• What to produce: Please return the lines below verbatim, beginning at the one that has "integral over [0,1]" and stopping after the one that has "RInt (V := C_R_CompleteNormedModule)", and add no other lines.

*** Material shown Section Begins ***

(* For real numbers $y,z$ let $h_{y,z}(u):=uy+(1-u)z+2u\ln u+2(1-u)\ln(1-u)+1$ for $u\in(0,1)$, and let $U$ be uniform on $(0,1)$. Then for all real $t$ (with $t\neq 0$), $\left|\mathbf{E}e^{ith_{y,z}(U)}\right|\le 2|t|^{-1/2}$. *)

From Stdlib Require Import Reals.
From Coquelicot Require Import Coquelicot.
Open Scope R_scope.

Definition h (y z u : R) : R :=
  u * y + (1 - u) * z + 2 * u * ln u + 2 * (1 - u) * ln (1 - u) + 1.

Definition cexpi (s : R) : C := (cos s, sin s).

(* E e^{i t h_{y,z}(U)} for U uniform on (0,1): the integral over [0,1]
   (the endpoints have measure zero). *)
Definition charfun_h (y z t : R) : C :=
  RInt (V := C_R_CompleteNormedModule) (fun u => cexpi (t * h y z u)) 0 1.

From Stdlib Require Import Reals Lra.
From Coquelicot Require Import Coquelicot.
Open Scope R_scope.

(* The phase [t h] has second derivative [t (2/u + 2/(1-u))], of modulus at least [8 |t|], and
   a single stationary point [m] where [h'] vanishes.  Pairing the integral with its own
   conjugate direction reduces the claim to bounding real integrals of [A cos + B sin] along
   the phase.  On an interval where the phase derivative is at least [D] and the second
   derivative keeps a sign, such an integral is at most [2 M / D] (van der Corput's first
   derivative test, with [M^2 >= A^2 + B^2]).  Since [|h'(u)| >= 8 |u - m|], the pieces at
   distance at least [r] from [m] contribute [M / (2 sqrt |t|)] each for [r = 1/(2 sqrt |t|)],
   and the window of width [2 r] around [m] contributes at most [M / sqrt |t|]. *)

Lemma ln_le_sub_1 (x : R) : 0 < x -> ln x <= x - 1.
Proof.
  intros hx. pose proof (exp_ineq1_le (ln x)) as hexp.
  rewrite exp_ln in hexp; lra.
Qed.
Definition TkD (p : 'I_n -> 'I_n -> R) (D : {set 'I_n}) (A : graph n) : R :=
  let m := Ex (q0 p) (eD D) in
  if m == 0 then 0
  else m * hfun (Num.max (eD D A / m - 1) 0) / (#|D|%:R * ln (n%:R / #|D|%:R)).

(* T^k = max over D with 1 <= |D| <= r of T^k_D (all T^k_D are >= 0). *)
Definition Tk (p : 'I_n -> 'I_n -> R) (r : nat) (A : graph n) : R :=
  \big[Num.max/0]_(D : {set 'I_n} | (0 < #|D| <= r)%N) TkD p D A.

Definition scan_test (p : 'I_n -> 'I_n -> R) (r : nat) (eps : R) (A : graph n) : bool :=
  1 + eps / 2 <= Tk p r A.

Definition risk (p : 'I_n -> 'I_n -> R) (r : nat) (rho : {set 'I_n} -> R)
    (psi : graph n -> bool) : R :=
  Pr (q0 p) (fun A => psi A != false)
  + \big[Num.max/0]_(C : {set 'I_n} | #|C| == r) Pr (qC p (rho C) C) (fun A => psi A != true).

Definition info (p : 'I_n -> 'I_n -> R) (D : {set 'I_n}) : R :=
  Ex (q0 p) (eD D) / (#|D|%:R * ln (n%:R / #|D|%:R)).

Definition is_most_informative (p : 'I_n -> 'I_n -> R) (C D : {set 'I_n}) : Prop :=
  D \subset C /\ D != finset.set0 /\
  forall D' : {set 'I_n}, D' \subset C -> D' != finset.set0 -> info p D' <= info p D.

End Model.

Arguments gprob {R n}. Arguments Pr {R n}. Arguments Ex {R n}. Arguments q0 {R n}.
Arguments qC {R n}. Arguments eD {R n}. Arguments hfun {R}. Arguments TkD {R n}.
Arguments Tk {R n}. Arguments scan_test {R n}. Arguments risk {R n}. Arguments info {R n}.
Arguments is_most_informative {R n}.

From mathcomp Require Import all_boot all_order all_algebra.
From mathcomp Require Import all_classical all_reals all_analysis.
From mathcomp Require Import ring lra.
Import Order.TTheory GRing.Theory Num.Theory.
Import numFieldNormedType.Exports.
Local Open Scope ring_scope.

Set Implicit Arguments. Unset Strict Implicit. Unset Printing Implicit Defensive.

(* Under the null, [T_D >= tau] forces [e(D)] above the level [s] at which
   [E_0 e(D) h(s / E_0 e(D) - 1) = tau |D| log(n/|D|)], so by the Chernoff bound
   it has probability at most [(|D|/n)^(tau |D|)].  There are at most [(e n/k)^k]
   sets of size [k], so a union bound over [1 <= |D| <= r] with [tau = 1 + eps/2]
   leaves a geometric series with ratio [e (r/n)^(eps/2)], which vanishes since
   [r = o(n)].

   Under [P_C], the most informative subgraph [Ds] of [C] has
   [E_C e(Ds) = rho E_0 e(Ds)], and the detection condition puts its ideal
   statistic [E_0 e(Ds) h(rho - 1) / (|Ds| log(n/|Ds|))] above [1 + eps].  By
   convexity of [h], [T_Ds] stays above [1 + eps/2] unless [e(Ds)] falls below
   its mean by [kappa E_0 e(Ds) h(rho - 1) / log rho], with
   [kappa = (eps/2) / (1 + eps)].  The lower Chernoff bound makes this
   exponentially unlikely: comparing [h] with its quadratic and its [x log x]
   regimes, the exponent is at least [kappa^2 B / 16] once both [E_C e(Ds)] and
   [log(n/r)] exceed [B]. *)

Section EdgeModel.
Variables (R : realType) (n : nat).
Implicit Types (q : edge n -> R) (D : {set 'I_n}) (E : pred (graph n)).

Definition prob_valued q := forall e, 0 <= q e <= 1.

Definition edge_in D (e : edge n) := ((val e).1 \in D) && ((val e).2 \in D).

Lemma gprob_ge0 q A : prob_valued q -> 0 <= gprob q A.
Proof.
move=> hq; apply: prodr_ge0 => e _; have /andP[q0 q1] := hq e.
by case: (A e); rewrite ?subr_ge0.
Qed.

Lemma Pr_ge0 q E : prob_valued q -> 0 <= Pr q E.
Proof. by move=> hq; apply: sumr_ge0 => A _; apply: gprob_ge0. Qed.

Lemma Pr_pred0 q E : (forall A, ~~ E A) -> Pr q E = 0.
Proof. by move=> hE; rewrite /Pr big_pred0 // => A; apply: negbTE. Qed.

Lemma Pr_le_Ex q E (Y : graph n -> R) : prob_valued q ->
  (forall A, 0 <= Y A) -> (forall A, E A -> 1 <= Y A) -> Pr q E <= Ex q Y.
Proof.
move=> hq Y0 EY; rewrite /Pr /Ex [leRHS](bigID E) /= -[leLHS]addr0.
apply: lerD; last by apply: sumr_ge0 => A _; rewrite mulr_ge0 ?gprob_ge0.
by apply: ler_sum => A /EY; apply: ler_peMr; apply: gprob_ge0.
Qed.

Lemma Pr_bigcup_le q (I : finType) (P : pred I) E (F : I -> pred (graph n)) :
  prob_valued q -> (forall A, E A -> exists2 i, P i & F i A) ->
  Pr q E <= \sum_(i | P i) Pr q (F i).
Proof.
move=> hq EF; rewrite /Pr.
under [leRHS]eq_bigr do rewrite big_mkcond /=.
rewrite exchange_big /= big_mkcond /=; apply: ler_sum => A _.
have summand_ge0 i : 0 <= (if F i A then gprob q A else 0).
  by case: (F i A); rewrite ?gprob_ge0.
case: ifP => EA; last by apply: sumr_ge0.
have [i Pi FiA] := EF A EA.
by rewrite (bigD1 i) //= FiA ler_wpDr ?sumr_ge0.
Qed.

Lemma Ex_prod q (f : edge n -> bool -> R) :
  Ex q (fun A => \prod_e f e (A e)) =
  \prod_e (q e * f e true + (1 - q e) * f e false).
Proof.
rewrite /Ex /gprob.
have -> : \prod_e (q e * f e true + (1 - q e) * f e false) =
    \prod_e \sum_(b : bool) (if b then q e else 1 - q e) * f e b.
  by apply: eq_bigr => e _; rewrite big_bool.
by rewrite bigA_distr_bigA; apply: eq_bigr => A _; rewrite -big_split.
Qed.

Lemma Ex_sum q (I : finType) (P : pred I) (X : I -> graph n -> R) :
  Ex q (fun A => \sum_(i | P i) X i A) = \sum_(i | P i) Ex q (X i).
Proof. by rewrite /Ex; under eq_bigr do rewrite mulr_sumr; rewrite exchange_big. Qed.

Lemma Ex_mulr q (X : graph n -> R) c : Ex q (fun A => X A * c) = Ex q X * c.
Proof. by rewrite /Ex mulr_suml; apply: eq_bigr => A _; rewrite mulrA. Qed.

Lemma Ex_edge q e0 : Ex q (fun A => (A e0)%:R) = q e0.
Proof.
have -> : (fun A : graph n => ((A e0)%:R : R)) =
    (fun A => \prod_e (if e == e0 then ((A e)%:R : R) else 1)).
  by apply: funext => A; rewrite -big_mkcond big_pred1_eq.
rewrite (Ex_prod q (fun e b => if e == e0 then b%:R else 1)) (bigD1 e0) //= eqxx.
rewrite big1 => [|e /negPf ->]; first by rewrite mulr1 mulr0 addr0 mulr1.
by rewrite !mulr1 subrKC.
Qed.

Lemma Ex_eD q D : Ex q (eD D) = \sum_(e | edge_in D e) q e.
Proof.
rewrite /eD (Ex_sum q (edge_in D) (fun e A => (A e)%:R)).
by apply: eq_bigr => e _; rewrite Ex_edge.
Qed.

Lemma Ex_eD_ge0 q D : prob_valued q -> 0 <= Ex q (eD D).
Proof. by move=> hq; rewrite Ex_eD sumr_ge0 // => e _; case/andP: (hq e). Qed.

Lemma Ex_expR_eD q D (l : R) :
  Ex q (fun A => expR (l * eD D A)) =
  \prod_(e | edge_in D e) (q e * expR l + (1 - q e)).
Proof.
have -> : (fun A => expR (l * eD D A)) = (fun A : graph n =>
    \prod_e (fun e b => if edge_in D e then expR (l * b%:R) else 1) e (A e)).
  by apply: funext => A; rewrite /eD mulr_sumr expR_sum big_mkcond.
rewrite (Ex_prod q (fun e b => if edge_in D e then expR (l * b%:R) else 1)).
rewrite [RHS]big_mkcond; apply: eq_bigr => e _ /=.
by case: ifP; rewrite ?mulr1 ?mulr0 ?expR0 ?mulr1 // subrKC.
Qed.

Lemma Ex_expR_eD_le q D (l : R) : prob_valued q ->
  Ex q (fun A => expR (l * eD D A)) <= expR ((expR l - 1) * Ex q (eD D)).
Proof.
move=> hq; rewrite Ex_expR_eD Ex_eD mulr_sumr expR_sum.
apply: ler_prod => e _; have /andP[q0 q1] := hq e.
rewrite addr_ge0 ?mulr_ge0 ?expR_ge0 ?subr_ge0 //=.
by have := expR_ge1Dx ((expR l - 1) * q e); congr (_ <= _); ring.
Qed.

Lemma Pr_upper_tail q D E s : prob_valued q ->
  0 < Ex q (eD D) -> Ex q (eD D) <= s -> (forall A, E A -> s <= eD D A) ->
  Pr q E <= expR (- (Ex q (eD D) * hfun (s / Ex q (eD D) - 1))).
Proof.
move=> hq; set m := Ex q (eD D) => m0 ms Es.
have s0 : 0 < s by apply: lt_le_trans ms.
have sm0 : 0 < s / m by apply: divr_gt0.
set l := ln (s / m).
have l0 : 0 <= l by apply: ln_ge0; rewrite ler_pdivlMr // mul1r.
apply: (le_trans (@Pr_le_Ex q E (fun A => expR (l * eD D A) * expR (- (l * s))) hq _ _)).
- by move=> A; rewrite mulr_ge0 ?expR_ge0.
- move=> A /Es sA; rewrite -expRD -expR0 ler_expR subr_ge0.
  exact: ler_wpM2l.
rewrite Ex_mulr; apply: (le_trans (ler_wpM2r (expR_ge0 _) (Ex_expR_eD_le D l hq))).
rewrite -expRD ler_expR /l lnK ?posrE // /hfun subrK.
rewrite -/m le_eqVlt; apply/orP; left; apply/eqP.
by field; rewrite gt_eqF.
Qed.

*** Material shown Section Ends ***

• Response box:
(* E e^{i t h_{y,z}(U)} for U uniform on (0,1): the integral over [0,1]
   (the endpoints have measure zero). *)
Definition charfun_h (y z t : R) : C :=
  RInt (V := C_R_CompleteNormedModule) (fun u => cexpi (t * h y z u)) 0 1.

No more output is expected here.